Untuk itu, mari kita merapatkan barisan untuk menolak #AyoMondok. Gerakan itu gerakan standar ganda. Katanya Islam Nusantara bukan Islam Arab, kok yang diajarkan malah Arab gundul? Wah, ini kan pelanggaran? Saya sepakat sekali sama akun anonim Twitter yang bilang bahwa orang-orang #AyoMondok ini standar ganda. Katanya mendukung Islam Nusantara, tapi kok pamer kemampuan bahasa Arab? Ya walaupun ada tafsir “Al Ibriz”, kitab tafsir Al Quran dalam bahasa Jawa karya Kyai Bisri Mustofa, tapi itu kan hanya satu. Eh, ada banyak selain Kyai Bisri Mustofa ding. Tapi pokoknya standar ganda lah. Pokoknya #AyoMondok ini gerakan yang standar ganda!
Pesantren itu udik dan tidak modern. Bayangkan saja, untuk satu perbedaan saja mereka mengadakan bahtsul masail; forum di mana dua orang yang berbeda pendapat terhadap satu masalah agama saling berdiskusi dengan sumber-sumber primer. Misalnya, apakah khilafah itu wajib atau tidak, maka dalam forum bahtsul masail, pendukung maupun penolak akan memberikan argumen, klaim yang berdasarkan sumber primer. Ini kan menyusahkan? Pesantren kok macak demokratis. Pesantren itu ya harusnya monolitik. Pokoknya nurut kyai. Titik!
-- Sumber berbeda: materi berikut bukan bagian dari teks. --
(* Let $G=(V,E)$ be a simple graph on $V=\{1,\dots,n\}$ with graph state $|G\rangle$, and let $$\Omega_g=\sum_{\mathbf b\in\{0,1\}^n}\bigotimes_{j=1}^n|\Phi_{c_j(\mathbf b)\,\mathbf b_j}\rangle\langle\Phi_{c_j(\mathbf b)\,\mathbf b_j}|_{O_jO_j'}$$ acting on $\mathcal H\otimes\mathcal H$, where the first copy consists of qubits $O_1,\dots,O_n$ and the second of $O_1',\dots,O_n'$. Then: (i) $\Omega_g$ is an orthogonal projector and $\mathbb F\Omega_g\mathbb F=\Omega_g$; (ii) for every $n$-qubit state $|\omega\rangle$, $\Omega_g(|G\rangle\otimes|\omega\rangle)=\langle G|\omega\rangle\,|G\rangle\otimes|G\rangle$ and $\Omega_g(|\omega\rangle\otimes|G\rangle)=\langle G|\omega\rangle\,|G\rangle\otimes|G\rangle$; in particular $\Omega_g(|G\rangle\otimes|G\rangle)=|G\rangle\otimes|G\rangle$; (iii) $\Omega_g$ is a symmetric two-copy strategy for $|G\rangle$ with $\Omega_g\mathbb P_\psi=0$ and $\Omega_g\mathbb P_s\mathbb P_\psi=0$ (where $|\psi\rangle=|G\rangle$), hence $\lambda_\star(\Omega_g)=\gamma_\star(\Omega_g)=\xi_\star(\Omega_g)=0$.
   Context: $\mathcal H=(\mathbb C^2)^{\otimes n}$. The graph state is $|G\rangle=\prod_{\{u,v\}\in E}CZ_{uv}|+\rangle^{\otimes n}$. For $\mathbf b\in\{0,1\}^n$ (a ''graph code''), the parity code $c(\mathbf b)\in\{0,1\}^n$ is $c_u(\mathbf b)=\sum_{v:\{u,v\}\in E}\mathbf b_v \bmod 2$. For $z,x\in\{0,1\}$, $|\Phi_{zx}\rangle=(\mathbb I\otimes X^xZ^z)(|00\rangle+|11\rangle)/\sqrt2$. On $\mathcal H\otimes\mathcal H$ (two copies) let $\mathbb F$ be the swap operator $\mathbb F(|x\rangle\otimes|y\rangle)=|y\rangle\otimes|x\rangle$, $\mathbb I$ the identity, $\mathbb P_s=(\mathbb F+\mathbb I)/2$ and $\mathbb P_\psi=|\psi\rangle\langle\psi|\otimes(\mathbb I-|\psi\rangle\langle\psi|)$. A symmetric two-copy strategy for $|\psi\rangle$ is an operator $\Omega$ on $\mathcal H\otimes\mathcal H$ with $0\le\Omega\le\mathbb I$, $\Omega(|\psi\rangle\otimes|\psi\rangle)=|\psi\rangle\otimes|\psi\rangle$ and $\mathbb F\Omega\mathbb F=\Omega$. Define $\lambda_\star(\Omega)$ as the largest eigenvalue of the Hermitian operator $2\mathbb P_\psi\mathbb P_s\Omega\mathbb P_s\mathbb P_\psi$, $\gamma_\star(\Omega)$ as the largest eigenvalue of $\mathbb P_\psi\mathbb F\Omega\mathbb P_\psi$, and $\xi_\star(\Omega)$ as the largest eigenvalue of $\mathbb P_\psi(\tfrac12\mathbb F+\mathbb I)\Omega\mathbb P_\psi$. *)

From HB Require Import structures.
From mathcomp Require Import all_boot all_order all_algebra.
From mathcomp Require Import algC.
From mathcomp Require Export mxtens.
Set Implicit Arguments. Unset Strict Implicit. Unset Printing Implicit Defensive.
Import Order.TTheory GRing.Theory Num.Theory.
Local Open Scope ring_scope.

(* Tensor (Kronecker) product of matrices: mathcomp-real-closed's tensmx.
   Index convention: mxtens_index (i, j) = i * dim2 + j. *)
Notation "A *t B" := (tensmx A B) (at level 40, left associativity).

Definition dag {m n} (A : 'M[algC]_(m, n)) : 'M[algC]_(n, m) :=
  (map_mx Num.conj A)^T.

Definition psd {m} (A : 'M[algC]_m) : Prop :=
  dag A = A /\ forall v : 'cV[algC]_m, 0 <= (dag v *m A *m v) 0 0.

Definition orth_proj {m} (A : 'M[algC]_m) : Prop := A *m A = A /\ dag A = A.

Definition braket {m} (u v : 'cV[algC]_m) : algC := (dag u *m v) 0 0.
Definition is_state {m} (u : 'cV[algC]_m) : Prop := braket u u = 1.

(* ---------------- n qubits ----------------
   The Hilbert space (C^2)^{(x) n} is 'cV_(2^n); qubit j (j : 'I_n) of the
   basis vector with index i : 'I_(2^n) is bit j of i. *)
Definition bit {n} (j : 'I_n) (i : 'I_(2 ^ n)) : bool := odd (i %/ 2 ^ j).

Definition plus_state n : 'cV[algC]_(2 ^ n) :=
  const_mx (sqrtC (2 ^ n)%:R)^-1.

Definition CZ {n} (u v : 'I_n) : 'M[algC]_(2 ^ n) :=
  diag_mx (\row_i (-1) ^+ (bit u i && bit v i)).

(* A simple graph on V = 'I_n (vertices 1..n relabeled 0..n-1):
   a symmetric irreflexive adjacency relation. *)
Definition simple_graph {n} (adj : rel 'I_n) : Prop :=
  irreflexive adj /\ symmetric adj.

Definition edges {n} (adj : rel 'I_n) : seq ('I_n * 'I_n) :=
  [seq e : 'I_n * 'I_n <- [seq (u, v) | u <- enum 'I_n, v <- enum 'I_n] | (e.1 < e.2)%N && adj e.1 e.2].

Definition graph_state {n} (adj : rel 'I_n) : 'cV[algC]_(2 ^ n) :=
  foldr (fun e A => CZ e.1 e.2 *m A) 1%:M (edges adj) *m plus_state n.

Definition parity_code {n} (adj : rel 'I_n) (b : {ffun 'I_n -> bool})
  (u : 'I_n) : bool :=
  odd (\sum_(v | adj u v) (b v : nat)).

Definition ob (b : bool) : 'I_2 := inord (nat_of_bool b).
Definition PauliX : 'M[algC]_2 := \matrix_(i, j) ((i != j)%:R).
Definition PauliZ : 'M[algC]_2 :=
  \matrix_(i, j) ((i == j)%:R * (-1) ^+ (nat_of_ord i)).

(* (|00> + |11>)/sqrt 2 on C^2 (x) C^2 *)
Definition bell : 'cV[algC]_(2 * 2) :=
  \col_k (((mxtens_unindex k).1 == (mxtens_unindex k).2)%:R / sqrtC 2).

Definition Phi (z x : bool) : 'cV[algC]_(2 * 2) :=
  (1%:M *t (PauliX ^+ x *m PauliZ ^+ z)) *m bell.

(* ---------------- two copies ----------------
   H (x) H = 'cV_(2^n * 2^n); the basis index mxtens_index (u, u') has
   first-copy index u (qubits O_1..O_n) and second-copy index u'
   (qubits O_1'..O_n'). *)
Definition copy1 {n} (k : 'I_(2 ^ n * 2 ^ n)) : 'I_(2 ^ n) := (mxtens_unindex k).1.
Definition copy2 {n} (k : 'I_(2 ^ n * 2 ^ n)) : 'I_(2 ^ n) := (mxtens_unindex k).2.

Definition swapF n : 'M[algC]_(2 ^ n * 2 ^ n) :=
  \matrix_(k, l) ((copy1 k == copy2 l) && (copy2 k == copy1 l))%:R.

Definition Psym n : 'M[algC]_(2 ^ n * 2 ^ n) := 2^-1 *: (swapF n + 1%:M).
Wong zaman udah modern, belajar agama ya tinggal pergi ke emperan masjid, cari murrabi, Google deh. Beres. Kok masih harus repot belajar bahasa Arab, belajar logika sampe harus punya pemahaman terhadap teks. Ketinggalan zaman banget gak sih?
Lho ya jelas ketinggalan. Di pesantren, setiap santri diajari Nahwu-Sharaf dari awal. Bagaimana cara membaca, memahami dan mengerti teks dengan kaidah yang njlimet. Belum lagi harus menghafal Alfiyah yang banyaknya na’udzubillah. Kitab-kitab babon kayak Akhlaqul Banin, Ta’limul Muta’allim, Risalah Mu’awanah hingga Minhajul Abidin, semua diajarkan manual tanpa bantuan Google apalagi Wikipedia. Apa ya ndak menyiksa?
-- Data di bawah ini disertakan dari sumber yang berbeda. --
(* Since [t ^ c <= (2 c) ^ c exp (t / 2)], the tail is dominated by the
   density of the exponential law of rate [1/2]. *)
Lemma gamma_integrand_le_exponential_pdf a t : 1 <= t ->
  gamma_integrand a t <=
  (2 * (2 * (`|a - 1| + 1)) `^ (`|a - 1| + 1)) * exponential_pdf (2^-1) t.
Proof.
move=> t1; set c := `|a - 1| + 1.
have c0 : 0 < c by rewrite ltr_wpDl // normr_ge0.
have t0 : 0 < t := lt_le_trans ltr01 t1.
rewrite /gamma_integrand exponential_pdfE ?(ltW t0) //.
have powc : t `^ (a - 1) <= t `^ c.
  by apply: ler_powR => //; rewrite (le_trans (ler_norm _)) // lerDl.
have scale : t `^ c = (2 * c) `^ c * (t / (2 * c)) `^ c.
  have c2 : 0 < 2 * c by rewrite mulr_gt0.
  rewrite -powRM ?(ltW c2) ?divr_ge0 ?(ltW t0) ?(ltW c2) //.
  by congr (_ `^ _); field; rewrite gt_eqF.
have exp_dom : (t / (2 * c)) `^ c <= expR (t / 2).
  have -> : t / 2 = (t / (2 * c)) * c by field; rewrite gt_eqF.
  rewrite expRM; apply: ge0_ler_powR; first exact: ltW.
  - by rewrite qualifE /= divr_ge0 ?mulr_ge0 ?ltW.
  - by rewrite qualifE /= expR_ge0.
  - by apply: le_trans (expR_ge1Dx _); lra.
have half : expR (t / 2) * expR (- t) = expR (- 2^-1 * t).
  by rewrite -expRD; congr expR; field.
apply: (@le_trans _ _ ((2 * c) `^ c * expR (t / 2) * expR (- t))).
  rewrite ler_pM2r ?expR_gt0 //; apply: (le_trans powc).
  by rewrite scale ler_pM ?powR_ge0.
rewrite -mulrA half le_eqVlt; apply/orP; left; apply/eqP.
by field.
Qed.

Local Open Scope ereal_scope.

Lemma gamma_integral_gt1_lty a :
  \int[mu]_(t in `]1%R, +oo[) (gamma_integrand a t)%:E < +oo.
Proof.
set K := (2 * (2 * (`|a - 1| + 1)) `^ (`|a - 1| + 1))%R.
have K0 : (0 <= K)%R by rewrite mulr_ge0 ?powR_ge0.
have Kpdf_ge0 t : (0 <= K * exponential_pdf (2^-1) t)%R.
  by rewrite mulr_ge0 // exponential_pdf_ge0 // invr_ge0.
have mKpdf : measurable_fun [set: R] (fun t => (K * exponential_pdf (2^-1) t)%:E).
  apply/measurable_EFinP; apply: measurable_funM; first exact: measurable_cst.
  exact: measurable_exponential_pdf.
apply: (@le_lt_trans _ _ (\int[mu]_(t in `]1%R, +oo[) (K * exponential_pdf (2^-1) t)%:E)).
  apply: ge0_le_integral => //.
  - by move=> t _; rewrite lee_fin gamma_integrand_ge0.
  - exact: measurable_gamma_integrand.
  - exact: measurable_funS mKpdf.
  - move=> t; rewrite /= in_itv /= => /andP[t1 _]; rewrite lee_fin.
    exact/gamma_integrand_le_exponential_pdf/ltW.
apply: (@le_lt_trans _ _ (\int[mu]_(t in [set: R]) (K * exponential_pdf (2^-1) t)%:E)).
  by apply: ge0_subset_integral => // t _; rewrite lee_fin.
under eq_integral do rewrite EFinM.
rewrite ge0_integralZl //; last first.
- by move=> t _; rewrite lee_fin exponential_pdf_ge0 // invr_ge0.
- by apply/measurable_EFinP; exact: measurable_exponential_pdf.
by rewrite integral_exponential_pdf ?invr_gt0 // mule1 ltry.
Qed.

Lemma integral_powR_itv_le (a e : R) : (0 < a)%R -> (0 < e)%R -> (e < 1)%R ->
  \int[mu]_(t in `[e, 1%R]) (t `^ (a - 1))%:E <= (a^-1)%:E.
Proof.
move=> a0 e0 e1.
have F' (x : R) : (0 < x)%R -> is_derive x 1%R (fun t : R => a^-1 * t `^ a)%R (x `^ (a - 1))%R.
  move=> x0; apply: is_derive_eq; first exact: is_deriveZ (is_derive1_powR a x0).
  by rewrite /GRing.scale /= mulrA mulVf ?gt_eqF // mul1r.
have Fc (x : R) : (0 < x)%R -> {for x, continuous (fun t : R => a^-1 * t `^ a)%R}.
  move=> x0; apply: differentiable_continuous; rewrite -derivable1_diffP.
  by have [] := F' x x0.
rewrite (@continuous_FTC2 _ _ (fun t : R => a^-1 * t `^ a)%R) //.
- rewrite powR1 -EFinB lee_fin mulr1 lerBlDr lerDl.
  by rewrite mulr_ge0 ?powR_ge0 // invr_ge0 ltW.
- apply: derivable_within_continuous => t; rewrite in_itv /= => /andP[et _].
  by apply: derivable_powR; rewrite in_itv /= andbT (lt_le_trans e0 et).
- split.
  + by move=> x; rewrite in_itv /= => /andP[ex _]; have [] := F' x (lt_trans e0 ex).
  + exact/cvg_at_right_filter/Fc.
  + exact/cvg_at_left_filter/Fc/(lt_trans e0).
- move=> x; rewrite in_itv /= => /andP[ex _].
  by rewrite derive1E; have [_ ->] := F' x (lt_trans e0 ex).
Qed.

(* Exhaust [ ]0, 1] ] by the segments [[1/(n+2), 1]] and use monotone convergence. *)
Lemma gamma_integral_01_lty a : (0 < a)%R ->
  \int[mu]_(t in `]0%R, 1%R]) (gamma_integrand a t)%:E < +oo.
Proof.
move=> a0.
have mpow : measurable_fun [set: R] (fun t : R => (t `^ (a - 1))%:E).
  by apply/measurable_EFinP; exact: measurable_powR.
apply: (@le_lt_trans _ _ (\int[mu]_(t in `]0%R, 1%R]) (t `^ (a - 1))%:E)).
  apply: ge0_le_integral => //.
  - by move=> t _; rewrite lee_fin gamma_integrand_ge0.
  - exact: measurable_gamma_integrand.
  - exact: measurable_funS mpow.
  - move=> t; rewrite /= in_itv /= => /andP[t0 _]; rewrite lee_fin.
    by rewrite ler_piMr ?powR_ge0 // expR_le1 oppr_le0 ltW.
pose F n := `[((n.+2%:R)^-1 : R)%R, 1%R]%classic.
have F_nd : {homo F : n m / (n <= m)%N >-> (n <= m)%O}.
  move=> n m nm; rewrite subsetEset /F => t /=; rewrite !in_itv /= => /andP[+ ->].
  by rewrite andbT; apply: le_trans; rewrite lef_pV2 ?posrE ?ler_nat ?ltr0n.
have F_cup : \bigcup_n F n = `]0%R, 1%R]%classic.
  apply/seteqP; split => t.
    move=> [n _]; rewrite /F /= !in_itv /= => /andP[+ ->].
    by rewrite andbT; apply: lt_le_trans; rewrite invr_gt0 ltr0n.
  rewrite /= in_itv /= => /andP[t0 t1].
  have [k] := ltr_add_invr t0; rewrite add0r => kt.
  exists k => //; rewrite /F /= in_itv /= t1 andbT; apply: le_trans (ltW kt).
  by rewrite lef_pV2 ?posrE ?ler_nat ?ltr0n.
have := @ge0_nondecreasing_set_cvg_integral _ (measurableTypeR R) R F
  (fun t => (t `^ (a - 1))%:E) lebesgue_measure F_nd
  (fun=> measurable_itv _) (fun=> measurable_funS measurableT (subsetT _) mpow)
  (fun _ t _ => powR_ge0 _ _).
rewrite F_cup => cvg_int.
apply: (@le_lt_trans _ _ (a^-1)%:E); last exact: ltry.
apply: (cvge_to_le cvg_int); apply: nearW => n.
by apply: integral_powR_itv_le; rewrite ?invr_gt0 ?invf_lt1 ?ltr1n ?ltr0n.
Qed.

Lemma gamma_integral_itv_split a (y z : R) : (y < z)%R ->
  \int[mu]_(t in `]y, +oo[) (gamma_integrand a t)%:E =
  \int[mu]_(t in `]y, z]) (gamma_integrand a t)%:E +
  \int[mu]_(t in `]z, +oo[) (gamma_integrand a t)%:E.
Proof.
move=> yz; rewrite -ge0_integral_setU //.
- congr integral; apply/seteqP; split => t /=; rewrite !in_itv /= ?andbT.
    by move=> yt; case: (leP t z) => tz; [left; rewrite yt | right].
  by case=> [/andP[]|] // zt; exact: lt_trans yz zt.
- exact: measurable_gamma_integrand.
- by move=> t _; rewrite lee_fin gamma_integrand_ge0.
- apply/disj_set2P/seteqP; split => t //=.
  by rewrite !in_itv /= andbT => -[/andP[_ tz] zt]; move: (lt_le_trans zt tz); rewrite ltxx.
Qed.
Lagipula apa sih fungsinya Pondok Pesantren? Paling-paling hanya melahirkan lulusan-lulusan liberal yang bikin pernyataan kontroversial. Contohnya Ulil Abshar Abdalla, Akhmad Sahal, dan cecunguk-cecunguk JIL lainnya. Lihat, banyak sekali kan lulusan pesantren yang liberal? Anda mungkin akan segera menyebut nama-nama yang tidak liberal seperti Muhammad Al-Fayyadl penulis Teologi Negatif Ibnu ‘Arabi, Ainun Najib Kawal Pemilu, Yahya Cholil Staquf Terong Gosong, dan Hidayat Nurwahid PKS mantan Ketua MPR. Ah, itu kan pembelaan Anda saja. Lebih banyak yang liberal. Pasti.
Ada juga yang koar-koar, pesantren punya peran penting untuk perjuangan kemerdekaan republik ini. Katanya, secara historis pesantren jadi satu lembaga pendidikan paling awal di negara ini, dan secara sosial pesantren-pesantren pernah mempelopori berbagai perubahan di masyarakat. Ah, tapi itu kan katanya. Dan kalaupun bener, itu kan masa lalu.
Sekarang ini pesantren sudah tidak relevan. Kalo bisa belajar agama dari Google, kenapa harus belajar Nahwu-Sharaf? Kalo bisa ngutip Quran dari banyak blog, kenapa harus banyak belajar kitab pendamping apalah itu? Kalo bisa menghukumi sesuatu dengan fiqh yang ada di Wikipedia, kenapa kita harus belajar logika mantiq? Sudahlah, gak usah mondok.
Karena semua masalah di negeri ini sumbernya adalah JIL dan hanya khilafah solusinya.